Читать «Статьи из газеты «Известия»» онлайн - страница 312

Дмитрий Львович Быков

Шоу, откровенно ненавидевший современную ему Британию, да и вообще по-ирландски издевавшийся над ее традициями, всегда уважительно посматривал в сторону русской литературы, по ее законам построил «Дом, где разбиваются сердца» (хотя опять-таки не без любовной насмешки), а образцом литературного гения считал Толстого, тоже величайшего разрушителя иллюзий.

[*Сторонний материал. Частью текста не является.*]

Definition parabolic_retract_compatible (M : S -> S -> option nat) : Prop :=
  exists P : {set {set S}},
    partition P [set: S] /\
    (forall T, T \in P -> retract_compatible M T) /\
    (forall T T', T \in P -> T' \in P -> T != T' ->
       exists n : option nat,
         (n = None \/ exists2 k, n = Some k & ~~ odd k) /\
         (forall a b, a \in T -> b \in T' -> M a b = n)).

End Artin.

From mathcomp Require Import all_boot.
Set Implicit Arguments. Unset Strict Implicit. Unset Printing Implicit Defensive.

(* A generator substitution s |-> f s (f s in S or 1) defines an endomorphism
   of A_S as soon as it maps both sides of every Artin relation to equal
   elements; fixing every generator other than x, it suffices to check the
   relations through x.  Let T be the block of x.  If T = {x}, every label
   m_{x,t} is even or infinite, so killing x sends both sides of a relation
   of length 2n to t^n.  Otherwise send x to z in T with m_{x,z} minimal.
   For t outside T, m_{x,t} = m_{z,t} by condition (2).  For t in T,
   retract-compatibility of {x, z, t} and minimality of m_{x,z} give
   m_{z,t} | m_{x,t}; as m_{z,t} is odd, the alternating word of length
   m_{x,t} in z, t is a product of copies of the (z, t) relation. *)

Section AlternatingWords.
Variable S : finType.

Lemma Pi_cons (s t : S) k : Pi s t k.+1 = (s, false) :: Pi t s k.
Proof.
rewrite /Pi /mkseq -add1n iotaD map_cat -[in iota 1 k](addn0 1) iotaDl -map_comp.
by congr (_ :: _); apply: eq_map => i /=; case: (odd i).
Qed.

Lemma Pi_addn (s t : S) a b :
  Pi s t (a + b) = Pi s t a ++ (if odd a then Pi t s b else Pi s t b).
Proof.
elim: a s t => [|a IH] s t //.
by rewrite addSn !Pi_cons IH /=; case: (odd a).
Qed.

Lemma all_Pi (P : pred (letter S)) s t k :
  P (s, false) -> P (t, false) -> all P (Pi s t k).
Proof. by elim: k s t => [|k IH] s t Ps Pt //; rewrite Pi_cons /= Ps IH. Qed.

Lemma Pi_rel_mul (M : S -> S -> option nat) s t r j :
  s != t -> M s t = Some r -> odd r ->
  artin_eq M (Pi s t (r * j)) (Pi t s (r * j)).
Proof.
move=> st Mst odd_r; elim: j => [|j IH]; first by rewrite muln0; apply: ae_refl.
by rewrite mulnS !Pi_addn odd_r; apply: ae_cat; [apply: ae_rel | apply: ae_sym].
Qed.

End AlternatingWords.

Section Substitution.
Variables (S : finType) (M : S -> S -> option nat) (f : S -> option S).

Definition word_subst (w : word S) : word S :=
  flatten [seq if f a.1 is Some s then [:: (s, a.2)] else [::] | a <- w].

Lemma word_subst_cat u v : word_subst (u ++ v) = word_subst u ++ word_subst v.
Proof. by rewrite /word_subst map_cat flatten_cat. Qed.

Думается, «Пигмалион» — в особенности послесловие, где разъясняется дальнейшая судьба Элизы, — написан не без оглядки на «Воскресение». Общеизвестно, что Толстой на середине работы крепко застопорился, ужасно на себя сердился за бездарность, срывал зло на домашних, но однажды Софья Андреевна, войдя в комнату под сводами, увидела мужа веселым и просветленным: «Я все понял, — сказал он. — Она за него не выйдет!» Тут же и роман стронулся с мертвой точки: Катюша Маслова, ради которой Нехлюдов пожертвовал всем, от репутации до состояния, полюбит другого. Он ей помилование выхлопотал и брак предлагает, а она полюбила Владимира Симонсона и осталась с ним. Если бы она вышла за Нехлюдова и они начали бы новую жизнь — это был бы кто угодно, но не Толстой. А так — перед нами классный роман о женской душе (а не о социальной несправедливости, как хотелось автору).

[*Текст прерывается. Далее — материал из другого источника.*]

Lemma eigenvalue_scalar_add_symtr {F : fieldType} {a p q r : F} (mu : F) :
  p ^+ 2 + q ^+ 2 = r ^+ 2 ->
  eigenvalue (a%:M + symtr p q) mu = (mu == a + r) || (mu == a - r).
Proof.
move=> pqr; rewrite eigenvalue_det.
have -> : mu%:M - (a%:M + symtr p q) = (mu - a)%:M + symtr (- p) (- q).
  by apply/matrixP => i j; rewrite !mxE; case: (i == j); case: (i == 0); ring.
rewrite det_scalar_add_symtr !sqrrN pqr.
have -> : (mu - a) ^+ 2 - r ^+ 2 = (mu - (a + r)) * (mu - (a - r)) by ring.
by rewrite mulf_eq0 !subr_eq0.
Qed.

Section MagneticPotential.
Context {R : realType}.

Lemma sqnorm2_eq0 (x : 'rV[R]_2) : (sqnorm2 x == 0) = (x == 0).
Proof.
rewrite /sqnorm2 paddr_eq0 ?sqr_ge0 // !sqrf_eq0.
apply/andP/eqP => [[/eqP x0 /eqP x1] | ->]; last by rewrite !mxE eqxx.
apply/matrixP => i j; rewrite (ord1 i) !mxE.
by case: j => [[|[|//]] ?]; [rewrite -x0 | rewrite -x1]; congr (x 0 _); apply/val_inj.
Qed.

(* Away from the origin A is curl- and divergence-free, hence its Jacobian
   is symmetric and traceless. *)
Definition dApot (b : R) (x : 'rV[R]_2) : 'M[R]_2 :=
  symtr (2 * b * x 0 0 * x 0 1 / sqnorm2 x ^+ 2)
        (b * (x 0 1 ^+ 2 - x 0 0 ^+ 2) / sqnorm2 x ^+ 2).

Lemma is_derive_Apot (b : R) (x u : 'rV[R]_2) :
  sqnorm2 x != 0 -> is_derive x u (Apot b) (u *m dApot b x).
Proof.
move=> x0; apply: (is_derive_along (fun h : R => Apot b (h *: u + x)) _ 0 1).
  by move=> h; rewrite addr0 [h%:A]mulr1 scale0r add0r.
apply: is_derive_mx => i j; rewrite (ord1 i).
case: j => [[|[|//]] lt2].
- rewrite (_ : (fun h => _) = fun h : R => - b * (h *: u + x) 0 1 / sqnorm2 (h *: u + x)).
    apply: is_derive_eq (is_derive_coord_div_sqnorm2_line _ _ _ _ x0) _.
    rewrite mulmx_rV2E !mxE /=.
    by move: x0; rewrite /sqnorm2 => x0; field.
  by apply/funext => h; rewrite !mxE.
- rewrite (_ : (fun h => _) = fun h : R => b * (h *: u + x) 0 0 / sqnorm2 (h *: u + x)).
    apply: is_derive_eq (is_derive_coord_div_sqnorm2_line _ _ _ _ x0) _.
    rewrite mulmx_rV2E !mxE /=.
    by move: x0; rewrite /sqnorm2 => x0; field.
  by apply/funext => h; rewrite !mxE.
Qed.
End MagneticPotential.

Lemma jac_mulmx {R : realType} {f : 'rV[R]_2 -> 'rV[R]_2} {eta : 'rV[R]_2} {M : 'M[R]_2} :
  (forall v, is_derive eta v f (v *m M)) -> jac f eta = M^T.
Proof.
move=> fM; apply/matrixP => i j; rewrite !mxE.
by case: (fM (delta_mx 0 j)) => _ ->; rewrite -rowE mxE.
Qed.

Section Trajectory.
Context {R : realType}.
Variables (b w : R) (y : 'rV[R]_2) (t : R).
Hypothesis w_neq0 : w != 0.

Lemma xt_affine (e : 'rV[R]_2) :
  xt b w y e t
  = (sin (w * t) / w) *: e + (cos (w * t) *: y - (sin (w * t) / w) *: Apot b y).
Proof. by apply/matrixP => i j; rewrite !mxE; ring. Qed.

Lemma derive_xt_time (e : 'rV[R]_2) :
  'D_1 (xt b w y e) t = - (w * sin (w * t)) *: y + cos (w * t) *: (e - Apot b y).
Proof.
have := is_deriveD (is_derive1Zl y (is_derive_comp_scale (is_derive_cos (w * t))))
  (is_derive1Zl (w^-1 *: (e - Apot b y)) (is_derive_comp_scale (is_derive_sin (w * t)))).
rewrite (_ : _ + _ = xt b w y e); last first.
  by apply/funext => s; rewrite /xt -scalerA.
by move=> [_ ->]; rewrite scalerA mulrAC divff // mul1r mulrN.
Qed.

Lemma is_derive_xt (eta v : 'rV[R]_2) :
  is_derive eta v (fun e => xt b w y e t) ((sin (w * t) / w) *: v).
Proof.
rewrite (_ : (fun e => _) = fun e => (sin (w * t) / w) *: e
                               + (cos (w * t) *: y - (sin (w * t) / w) *: Apot b y)).
  exact: is_derive_affine.
by apply/funext => e; rewrite xt_affine.
Qed.

Lemma is_derive_xit (eta v : 'rV[R]_2) : sqnorm2 (xt b w y eta t) != 0 ->
  is_derive eta v (fun e => xit b w y e t)
    (v *m ((cos (w * t))%:M + (sin (w * t) / w) *: dApot b (xt b w y eta t))).
Proof.
move=> x0.
have dA : is_derive eta v (fun e => Apot b (xt b w y e t))
                          (((sin (w * t) / w) *: v) *m dApot b (xt b w y eta t)).
  apply: (is_derive_along (Apot b) _ (xt b w y eta t) ((sin (w * t) / w) *: v)).
    by move=> h; rewrite !xt_affine scalerDr addrA !scalerA [h * _]mulrC.
  exact: is_derive_Apot.
pose p := - (w * sin (w * t)) *: y - cos (w * t) *: Apot b y.
have := is_deriveD (is_derive_affine p (cos (w * t)) eta v) dA.
rewrite (_ : _ + _ = fun e => xit b w y e t); last first.
  by apply/funext => e; rewrite /xit derive_xt_time /p scalerBr addrCA.
move=> H; refine (is_derive_eq H _).
by rewrite mulmxDr mul_mx_scalar -scalemxAl scalemxAr.
Qed.

Lemma jac_xt (eta : 'rV[R]_2) :
  jac (fun e => xt b w y e t) eta = (sin (w * t) / w)%:M.
Proof.
rewrite -[RHS]tr_scalar_mx; apply: jac_mulmx => v.
by rewrite mul_mx_scalar; exact: is_derive_xt.
Qed.

Lemma jac_xit (eta : 'rV[R]_2) : sqnorm2 (xt b w y eta t) != 0 ->
  jac (fun e => xit b w y e t) eta
  = (cos (w * t))%:M + (sin (w * t) / w) *: dApot b (xt b w y eta t).
Proof.
move=> x0; rewrite (jac_mulmx (fun v => is_derive_xit eta v x0)).
by rewrite linearD linearZ /= tr_scalar_mx trmx_symtr.
Qed.

Lemma wedge_xt (eta : 'rV[R]_2) : y != 0 ->
  wedge y (xt b w y eta t) = sin (w * t) / w * (wedge y eta - b).
Proof.
rewrite -sqnorm2_eq0 => y0; rewrite /wedge /xt /Apot /vec2 !mxE /=.
by move: y0; rewrite /sqnorm2 => y0; field; rewrite w_neq0 y0.
Qed.

Lemma xt_neq0 (eta : 'rV[R]_2) : y != 0 -> wedge y eta != b -> xt b w y eta t != 0.
Proof.
move=> y0 yeta; apply/eqP => x0.
have s0 : sin (w * t) = 0.
  apply/eqP; move: (wedge_xt eta y0); rewrite x0 /wedge !mxE !mulr0 subrr.
  by move/esym/eqP; rewrite !mulf_eq0 invr_eq0 subr_eq0 (negbTE w_neq0) (negbTE yeta) !orbF.
have c0 : cos (w * t) != 0.
  apply: contra_eq_neq (cos2Dsin2 (w * t)) => ->.
  by rewrite s0 expr0n add0r eq_sym oner_eq0.
move: x0; rewrite /xt s0 mul0r scale0r addr0 => /eqP.
by rewrite scaler_eq0 (negbTE c0) (negbTE y0).
Qed.
End Trajectory.

Section ComplexFactor.
Context {R : realType}.
Local Open Scope complex_scope.

Lemma complex_eq0 (x y : R) : (x%:C - 'i * y%:C == 0) = (x == 0) && (y == 0).
Proof. by simpc; rewrite eq_complex /= oppr_eq0. Qed.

Большая часть советов и заветов Шоу сегодня лишилась всякой актуальности. Но один — думается, главный — остался на века: не любите себя в других. Сотворите Галатею, кто же не велит, — и пустите гулять по свету. Уподобьтесь Богу, создавшему Адама по образу и подобию своему — и выгнавшему его из рая, потому что Адаму так лучше.

Да и Богу, честно говоря.

2 ноября 2010 года

Странный тандем мистера Стивенсона

Роберт Луис Стивенсон, родившийся ровно 160 лет назад (13 ноября 1850 года) в Эдинбурге, написал много выдающихся сочинений в разных жанрах и успел посетовать, что все его прочие книги затмил дебютный роман «Остров сокровищ», в самом деле замечательный. Вот думаю, обиделся бы он или обрадовался, случись узнать, что самой знаменитой его книгой в ХХ веке стала крошечная повесть «Странная история доктора Джекила и мистера Хайда»? Три десятка экранизаций и сценических версий, бесчисленные толкования, мечта лучших актеров, символ английской неоготики: самая страшная повесть викторианской Британии, оказавшаяся во многих отношениях пророческой. Современники ничего не поняли.

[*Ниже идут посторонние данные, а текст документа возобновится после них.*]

(* Assemblage maps are in bijection with $r$-straightenings, $r$-cyclic assemblage maps are in bijection with $r$-cyclic straightenings, and $r$-cyclic assemblage maps with duality are in bijection with $r$-cyclic straightenings with duality.
   Context: Let $r$ be a positive integer and consider the standard simplex $\triangle^{r-1}$ with vertex set $\{0,1,\dots,r-1\}$. The barycentric subdivision $\operatorname{sd}\partial\triangle^{r-1}$ of its boundary is the simplicial complex with one vertex for each non-empty proper subset (face) of $\{0,\dots,r-1\}$ and one $k$-face for each ascending chain $\tau_0\subset\tau_1\subset\dots\subset\tau_k$ of such faces; this face is written $(\bar\tau_0|\bar\tau_1|\dots|\bar\tau_k)$ with $\bar\tau_i=\tau_i\smallsetminus\tau_{i-1}$. Let $s_*$ be the chain map from the normalized chains of $\partial\triangle^{r-1}$ to the normalized chains of $\operatorname{sd}\partial\triangle^{r-1}$ given on an ordered generator $[a_0,\dots,a_{k-1}]$ by $s_*([a_0,\dots,a_{k-1}])=\sum_{\pi\in\Sigma_k}(-1)^{\operatorname{sign}(\pi)}(a_{\pi(0)}|a_{\pi(1)}|\dots|a_{\pi(k-1)})$. An assemblage map is a simplicial map $g\colon\operatorname{sd}\partial\triangle^{r-1}\to\partial\triangle^{r-1}$ such that $g_*\circ s_*$ is the identity. The cyclic group $\mathbb{C}_r=\langle\rho\rangle$ acts on $\{0,\dots,r-1\}$ by $i\mapsto i+1 \bmod r$ (forward action), hence on $\partial\triangle^{r-1}$ and $\operatorname{sd}\partial\triangle^{r-1}$; an $r$-cyclic assemblage map is an assemblage map that is $\mathbb{C}_r$-equivariant. Let $\Lambda$ be the endomorphism of $\operatorname{sd}\partial\triangle^{r-1}$ sending an ascending chain $\tau_0\subset\dots\subset\tau_{k-1}$ to $(-1)^{\binom{k}{2}}\,\tau_{k-1}^c\subset\dots\subset\tau_0^c$ (complements in $\{0,\dots,r-1\}$). An $r$-cyclic assemblage map with duality is an $r$-cyclic assemblage map $g$ such that the composition $\rho^{-1}\circ g\circ\Lambda\colon\operatorname{sd}\partial\triangle^{r-1}\to\partial\triangle^{r-1}$ is also an assemblage map. An $r$-straightening is a choice, for each non-empty proper subset $\tau$ of $\{0,1,\dots,r-1\}$, of an element $x_\tau\in\tau$; it is $r$-cyclic if it is equivariant with respect to the action of $\mathbb{C}_r$, and it is an $r$-cyclic straightening with duality if moreover the cyclic predecessor of $x_\tau$ is not an element of $\tau$. *)

From mathcomp Require Import all_boot all_order all_algebra all_fingroup.
Set Implicit Arguments. Unset Strict Implicit. Unset Printing Implicit Defensive.
Import GRing.Theory Num.Theory.
Local Open Scope ring_scope.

Это в самом деле странная фантазия, больше похожая на кошмарный сон: добрый и умный доктор Джекил с детства замечал у себя внезапные приступы злобы и похоти. Его страстно занимала мечта избавиться от пороков — и наконец он изобрел снадобье, позволявшее раскрепостить дремавшее в нем зло. Приняв его, добрый Джекил превращался в омерзительного Хайда (от английского hyde — прятать), и гениальной догадкой Стивенсона было то, что Хайд очень сильно отличался от Джекила внешне. В экранизациях режиссеру вечно приходилось отвечать на философский вопрос: доверять ли обе роли одному актеру. Думается, правы были те (и наш Александр Орлов в том числе), кто настаивал на принципиальной разнородности Джекила и Хайда, на абсолютном раздвоении личности. В нашей картине 1985 года Джекила играл Смоктуновский, Хайда — Александр Феклистов, и это правильно, по-стивенсоновски. Хайд вызывает у всех, кто его видит, омерзение — при том что никаких внешних уродств в нем нет. Просто он чистое, беспримесное зло, без единого проблеска рефлексии. Стивенсон наделил его неукротимой похотью и страшной физической силой. Ибо зло, избавленное от химеры совести, в самом деле на многое способно.